Start of Record excerpts

(* In base $B=3$, for every $\eta\ge 2$, $$\gamma_3(\eta+1)=2\cdot 3^{\frac{\gamma_3(\eta)-1}{4}}-1,$$ where $\gamma_3(2)=13=(1,1,1)_3$ (so that $\gamma_3(3)=2\cdot3^3-1$).
   Context: Every integer $x>0$ is written uniquely in base $3$ as $x=\sum_{i} x_i 3^i$ with digits $x_i\in\{0,1,2\}$; $(x_{L-1},\dots,x_0)_3$ denotes $x$ by its digits. Define $\mathcal{H}_3(x)=\sum_{i} x_i^2$, $\mathcal{H}_3^0(x)=x$, $\mathcal{H}_3^n=\mathcal{H}_3\circ\mathcal{H}_3^{n-1}$. A positive integer $x$ is happy if $\mathcal{H}_3^n(x)=1$ for some $n\in\mathbb{N}$; its height is $\eta_3(x)=\min\{\alpha\in\mathbb{N}:\mathcal{H}_3^\alpha(x)=1\}$. For $n\in\mathbb{N}$, $\gamma_3(n)$ denotes the smallest happy number $x\ge1$ with $\eta_3(x)=n$. *)

From mathcomp Require Import all_boot.
Set Implicit Arguments. Unset Strict Implicit. Unset Printing Implicit Defensive.

Definition digit3 (x i : nat) : nat := (x %/ 3 ^ i) %% 3.

(* H_3(x) = sum of squares of the base-3 digits of x.  Digits of index
   i >= x vanish since 3^i > x, so summing over i < x covers all digits. *)
Definition H3 (x : nat) : nat := \sum_(i < x) (digit3 x i) ^ 2.

Definition H3iter (n x : nat) : nat := iter n H3 x.

Definition happy3 (x : nat) : Prop := exists n, H3iter n x = 1.

Definition height3 (x alpha : nat) : Prop :=
  H3iter alpha x = 1 /\ forall m, m < alpha -> H3iter m x <> 1.

Definition is_gamma3 (n g : nat) : Prop :=
  [/\ 1 <= g, happy3 g, height3 g n &
      forall y, 1 <= y -> y < g -> happy3 y -> ~ height3 y n].

From mathcomp Require Import all_boot.
From mathcomp Require Import zify.

Set Implicit Arguments.
Unset Strict Implicit.
Unset Printing Implicit Defensive.

(* Digits: H3 y = (y mod 3)^2 + H3 (y / 3), so H3 can be analysed by peeling
   off the lowest base-3 digit.  Since a digit squared is at most 4, every
   y < 2 * 3^k has H3 y <= 4k + 1, with equality at y = 2 * 3^k - 1 = (1,2,..,2)_3,
   and every smaller y has H3 y <= 4k.

   Heights: for x <> 1, x has height n+1 iff H3 x has height n.  Hence if
   g = gamma_3(eta) = 4k + 1, the number x = 2 * 3^k - 1 has height eta + 1,
   and any y < x of height eta + 1 would give H3 y <= 4k < g of height eta,
   contradicting the minimality of g.  Since 2 * 3^k - 1 is again 1 mod 4,
   induction from gamma_3(2) = 13 (checked by computation) shows that every
   gamma_3(eta) is 1 mod 4; uniqueness of gamma then yields the theorem. *)

(* Sum of the squares of the n lowest base-3 digits; a computable version
   of H3 that agrees with it on numbers with at most n digits. *)
Fixpoint sqdigits (n y : nat) : nat :=
  if n is n'.+1 then (y %% 3) ^ 2 + sqdigits n' (y %/ 3) else 0.

Lemma H3_sum n y : y < 3 ^ n -> H3 y = \sum_(i < n) digit3 y i ^ 2.
Proof.
have vanish m j : y < 3 ^ m -> m <= j -> digit3 y j = 0.
  by move=> ym mj; rewrite /digit3 divn_small // (leq_trans ym) ?leq_pexp2l.
have widen m p : y < 3 ^ m -> m <= p ->
    \sum_(i < p) digit3 y i ^ 2 = \sum_(i < m) digit3 y i ^ 2.
  move=> ym mp; rewrite -(subnKC mp) big_split_ord /= [X in _ + X]big1 ?addn0 // => i _.
  by rewrite (vanish m) ?leq_addr.
move=> yn; have y_digits : y < 3 ^ y by apply: ltn_expl.
rewrite /H3; case: (leqP n y) => [ny | /ltnW yn'].
  exact: widen.
by rewrite (widen y n).
Qed.

Lemma H3_0 : H3 0 = 0.
Proof. by rewrite /H3 big_ord0. Qed.

Lemma H3_rec y : H3 y = (y %% 3) ^ 2 + H3 (y %/ 3).
Proof.
have yS : y < 3 ^ y.+1 by rewrite ltnW // ltn_expl.
have qS : y %/ 3 < 3 ^ y by rewrite (leq_ltn_trans (leq_div y 3)) // ltn_expl.
rewrite (H3_sum yS) (H3_sum qS) big_ord_recl /digit3 expn0 divn1.
by congr (_ + _); apply: eq_bigr => i _; rewrite -divnMA -expnS.
Qed.

Lemma H3_sqdigits n y : y < 3 ^ n -> H3 y = sqdigits n y.
Proof.
elim: n y => [|n IH] y /=.
  by rewrite expn0 ltnS leqn0 => /eqP ->; rewrite H3_0.
by move=> yn; rewrite H3_rec IH // ltn_divLR // -expnSr.
Qed.

Lemma sq_digit r : r < 3 -> r ^ 2 <= 4.
Proof. by case: r => [|[|[|]]]. Qed.

Lemma H3_le y k : y < 2 * 3 ^ k -> H3 y <= 4 * k + 1.
Proof.
elim: k y => [|k IH] y.
  by rewrite expn0; case: y => [|[|]] // _; rewrite (@H3_sqdigits 1).
move=> yk; rewrite H3_rec.
have qk : y %/ 3 < 2 * 3 ^ k by rewrite ltn_divLR // -mulnA -expnSr.
have := IH _ qk; have := sq_digit (ltn_pmod y (isT : 0 < 3)); lia.
Qed.

Lemma H3_extremal k : H3 (2 * 3 ^ k - 1) = 4 * k + 1.
Proof.
elim: k => [|k IH]; first by rewrite (@H3_sqdigits 1).
have split3 : 2 * 3 ^ k.+1 - 1 = (2 * 3 ^ k - 1) * 3 + 2.
  have t_pos : 0 < 3 ^ k by rewrite expn_gt0.
  by rewrite expnS; lia.
rewrite H3_rec split3 modnMDl divnMDl // (divn_small (isT : 2 < 3)) addn0 IH.
lia.
Qed.

Lemma H3_lt_extremal y k : y < 2 * 3 ^ k - 1 -> H3 y <= 4 * k.
Proof.
elim: k y => [|k IH] y; first by rewrite expn0; case: y => // _; rewrite H3_0.
rewrite expnS H3_rec => yk.
have r3 : y %% 3 < 3 := ltn_pmod y (isT : 0 < 3).
have ey := divn_eq y 3; set q := y %/ 3 in ey *; set r := y %% 3 in ey r3 *.
have [qk | qk] := ltnP q (2 * 3 ^ k - 1).
  by have := IH _ qk; have := sq_digit r3; lia.
(* q is the extremal number with k digits, so the last digit r is at most 1 *)
have r1 : r <= 1 by lia.
have q_le : q < 2 * 3 ^ k by lia.
have := H3_le q_le; have : r ^ 2 <= 1 by move: r1; rewrite leq_eqVlt ltnS leqn0 => /orP [] /eqP ->.
lia.
Qed.

Lemma H3iter_0 n : H3iter n 0 = 0.
Proof. by elim: n => //= n IH; rewrite /H3iter /= -/(H3iter n 0) IH H3_0. Qed.

Lemma H3iterS n x : H3iter n.+1 x = H3iter n (H3 x).
Proof. by rewrite /H3iter iterSr. Qed.

Lemma height3_H3 x n : height3 x n.+1 -> height3 (H3 x) n.
Proof.
case=> hx hmin; split; first by rewrite -H3iterS.
by move=> m mn; rewrite -H3iterS; apply: hmin.
Qed.

Lemma height3_H3_inv x n : x != 1 -> height3 (H3 x) n -> height3 x n.+1.
Proof.
move=> x1 [hx hmin]; split; first by rewrite H3iterS.
by case=> [_|m mn]; [apply/eqP | rewrite H3iterS; apply: hmin].
Qed.

Lemma height3_pos z n : height3 z n -> 1 <= z /\ happy3 z.
Proof.
case=> hz _; split; last by exists n.
by move: hz; case: (posnP z) => // ->; rewrite H3iter_0.
Qed.

Lemma gamma3_min n g z : is_gamma3 n g -> height3 z n -> g <= z.
Proof.
case=> _ _ _ gmin hz; have [z1 hap] := height3_pos hz.
by rewrite leqNgt; apply/negP => zg; apply: (gmin z).
Qed.

Lemma gamma3_uniq n g1 g2 : is_gamma3 n g1 -> is_gamma3 n g2 -> g1 = g2.
Proof.
move=> h1 h2; case: (h1) => _ _ hg1 _; case: (h2) => _ _ hg2 _.
by apply/eqP; rewrite eqn_leq (gamma3_min h1 hg2) (gamma3_min h2 hg1).
Qed.

Lemma gamma3_step eta g : 1 <= eta -> is_gamma3 eta g -> 4 %| g - 1 ->
  is_gamma3 eta.+1 (2 * 3 ^ ((g - 1) %/ 4) - 1).
Proof.
move=> eta1 hg g_mod4; set k := (g - 1) %/ 4.
have gk : g = 4 * k + 1 by have := divnK g_mod4; case: hg => g1 _ _ _; lia.
rewrite {}gk {g_mod4} in hg *; case: (hg) => _ _ [hg1 hgmin] _.
have k1 : 1 <= k.
  by case: k hg hg1 hgmin => // _ _ /(_ 0 eta1); rewrite /H3iter.
have t3 : 3 <= 3 ^ k by rewrite -{1}(expn1 3) leq_pexp2l.
set x := 2 * 3 ^ k - 1.
have hx : height3 x eta.+1.
  by apply: height3_H3_inv; [rewrite /x; lia | rewrite H3_extremal; case: hg].
have [x1 xhap] := height3_pos hx.
split=> // y _ yx _ /height3_H3 hy.
have := gamma3_min hg hy; have := H3_lt_extremal yx; lia.
Qed.

Lemma extremal_mod4 k : 4 %| 2 * 3 ^ k - 1 - 1.
Proof.
have odd3k : odd (3 ^ k) by rewrite oddX orbT.
have := odd_double_half (3 ^ k); rewrite odd3k.
move: (3 ^ k)./2 => j; rewrite -muln2 => <-.
by apply/dvdnP; exists j; lia.
Qed.

Lemma gamma3_2 : is_gamma3 2 13.
Proof.
have e13 : H3 13 = 3 by rewrite (@H3_sqdigits 3).
have e3 : H3 3 = 1 by rewrite (@H3_sqdigits 3).
have h13 : height3 13 2.
  by split; [rewrite /H3iter /= e13 e3 | case=> [|[|]] // _; rewrite /H3iter /= e13].
split=> //; first by exists 2; case: h13.
move=> y y1 y13 _ [hy2 hymin].
have ey : H3 y = sqdigits 3 y by apply: H3_sqdigits; apply: ltn_trans y13 _.
have small : all (fun y => (sqdigits 3 y < 27) &&
    [|| y == 1, sqdigits 3 y == 1 | sqdigits 3 (sqdigits 3 y) != 1])
    (iota 1 12) by [].
move: small => /allP /(_ y); rewrite mem_iota y1 => /(_ y13) /andP [sq_small].
rewrite -(@H3_sqdigits 3 _ sq_small) -ey -[H3 (H3 y)]/(H3iter 2 y) hy2.
by case/or3P=> /eqP // h; [apply: (hymin 0) | apply: (hymin 1)].
Qed.

Lemma gamma3_exists eta : 2 <= eta -> exists2 g, is_gamma3 eta g & 4 %| g - 1.
Proof.
elim: eta => [|e IH] // e2; have [e1 | e1] := leqP e 1.
  have -> : e = 1 by lia.
  by exists 13; first exact: gamma3_2.
have [g hg g_mod4] := IH e1.
exists (2 * 3 ^ ((g - 1) %/ 4) - 1); last exact: extremal_mod4.
by apply: gamma3_step => //; lia.
Qed.

Theorem lemma5p1 :
  is_gamma3 2 13 /\
  forall (eta g : nat), 2 <= eta -> is_gamma3 eta g ->
    4 %| g - 1 /\ is_gamma3 eta.+1 (2 * 3 ^ ((g - 1) %/ 4) - 1).
Proof.
split=> [|eta g eta2 hg]; first exact: gamma3_2.
have [g' hg' g'_mod4] := gamma3_exists eta2.
have g_mod4 : 4 %| g - 1 by rewrite (gamma3_uniq hg hg').
split=> //.
by apply: gamma3_step => //; lia.
Qed.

End of Record excerpts

Copy each line of the listing in which the word "Definition" can be found.

Definition digit3 (x i : nat) : nat := (x %/ 3 ^ i) %% 3.
Definition H3 (x : nat) : nat := \sum_(i < x) (digit3 x i) ^ 2.
Definition H3iter (n x : nat) : nat := iter n H3 x.
Definition happy3 (x : nat) : Prop := exists n, H3iter n x = 1.
Definition height3 (x alpha : nat) : Prop :=
Definition is_gamma3 (n g : nat) : Prop :=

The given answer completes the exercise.